*** INFORMATION GIVEN ***
(* For the $2$-state GM+I model on a binary 4-taxon tree $T$, numerical parameters are generically locally identifiable: there is a proper algebraic variety $Y_T\subsetneq\mathbb C^{13}$ such that for every $\mathbf s\in S_T\setminus Y_T$ there is a neighborhood of $\mathbf s$ on which $\phi_T$ is injective.
   Context: For a binary 4-taxon tree $T$ with edge set $E$ ($|E|=5$), the $2$-state GM+I model has parameters $\mathbf s=(\delta,\pi_I,\pi_{GM},(M_e)_{e\in E})$: $\delta\in[0,1]$, probability vectors $\pi_I,\pi_{GM}\in[0,1]^2$ ($\pi_{GM}$ the distribution at a chosen root $r$), and $2\times 2$ Markov matrices $M_e$ (rows summing to 1) for edges directed away from $r$; these form the stochastic parameter space $S_T\subseteq\mathbb R^{13}$. The joint leaf distribution $P=\phi_T(\mathbf s)$ has entries $p_{i_1i_2i_3i_4}=\delta\,\epsilon(i_1,\dots,i_4)\pi_I(i_1)+(1-\delta)\sum_{(j_v)}\pi_{GM}(j_r)\prod_{e=(u\to w)}M_e(j_u,j_w)$, with $\epsilon=1$ if all indices equal and $0$ otherwise, the sum over all state assignments to vertices extending the leaf states. *)

From mathcomp Require Import all_boot all_order all_algebra.
From mathcomp Require Import reals.
From mathcomp Require Import complex.
From mathcomp Require mpoly.
Set Implicit Arguments. Unset Strict Implicit. Unset Printing Implicit Defensive.
Import Order.TTheory GRing.Theory Num.Theory.
Local Open Scope ring_scope.

(* Vertices of a binary 4-taxon tree: 'I_6, leaves 0,1,2,3 (= taxa 1..4),
   internal vertices 4 and 5.  The topology is given by a set A of two
   leaves: the leaves of A are adjacent to vertex 4, the others to vertex 5
   (every binary 4-taxon tree arises this way).
   Edges: 'I_5; edge k < 4 is the pendant edge of leaf k, edge 4 is the
   internal edge {4,5}. *)

Definition tree4 := {set 'I_4}.
Definition is_binary_tree4 (A : tree4) : Prop := #|A| = 2%N.

Definition hub (A : tree4) (k : 'I_4) : 'I_6 :=
  if k \in A then inord 4 else inord 5.

Definition edge_ends (A : tree4) (e : 'I_5) : 'I_6 * 'I_6 :=
  match insub (val e) : option 'I_4 with
  | Some k => (widen_ord (isT : (4 <= 6)%N) k, hub A k)
  | None => (inord 4, inord 5)
  end.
*** End of INFORMATION GIVEN ***
• **WHAT YOU HAVE TO DO**: Copy the lines above, please. Keep them exact.

• **SOLUTION TO THE EXERCISE**:
(* For the $2$-state GM+I model on a binary 4-taxon tree $T$, numerical parameters are generically locally identifiable: there is a proper algebraic variety $Y_T\subsetneq\mathbb C^{13}$ such that for every $\mathbf s\in S_T\setminus Y_T$ there is a neighborhood of $\mathbf s$ on which $\phi_T$ is injective.
   Context: For a binary 4-taxon tree $T$ with edge set $E$ ($|E|=5$), the $2$-state GM+I model has parameters $\mathbf s=(\delta,\pi_I,\pi_{GM},(M_e)_{e\in E})$: $\delta\in[0,1]$, probability vectors $\pi_I,\pi_{GM}\in[0,1]^2$ ($\pi_{GM}$ the distribution at a chosen root $r$), and $2\times 2$ Markov matrices $M_e$ (rows summing to 1) for edges directed away from $r$; these form the stochastic parameter space $S_T\subseteq\mathbb R^{13}$. The joint leaf distribution $P=\phi_T(\mathbf s)$ has entries $p_{i_1i_2i_3i_4}=\delta\,\epsilon(i_1,\dots,i_4)\pi_I(i_1)+(1-\delta)\sum_{(j_v)}\pi_{GM}(j_r)\prod_{e=(u\to w)}M_e(j_u,j_w)$, with $\epsilon=1$ if all indices equal and $0$ otherwise, the sum over all state assignments to vertices extending the leaf states. *)

From mathcomp Require Import all_boot all_order all_algebra.
From mathcomp Require Import reals.
From mathcomp Require Import complex.
From mathcomp Require mpoly.
Set Implicit Arguments. Unset Strict Implicit. Unset Printing Implicit Defensive.
Import Order.TTheory GRing.Theory Num.Theory.
Local Open Scope ring_scope.

(* Vertices of a binary 4-taxon tree: 'I_6, leaves 0,1,2,3 (= taxa 1..4),
   internal vertices 4 and 5.  The topology is given by a set A of two
   leaves: the leaves of A are adjacent to vertex 4, the others to vertex 5
   (every binary 4-taxon tree arises this way).
   Edges: 'I_5; edge k < 4 is the pendant edge of leaf k, edge 4 is the
   internal edge {4,5}. *)

Definition tree4 := {set 'I_4}.
Definition is_binary_tree4 (A : tree4) : Prop := #|A| = 2%N.

Definition hub (A : tree4) (k : 'I_4) : 'I_6 :=
  if k \in A then inord 4 else inord 5.

Definition edge_ends (A : tree4) (e : 'I_5) : 'I_6 * 'I_6 :=
  match insub (val e) : option 'I_4 with
  | Some k => (widen_ord (isT : (4 <= 6)%N) k, hub A k)
  | None => (inord 4, inord 5)
  end.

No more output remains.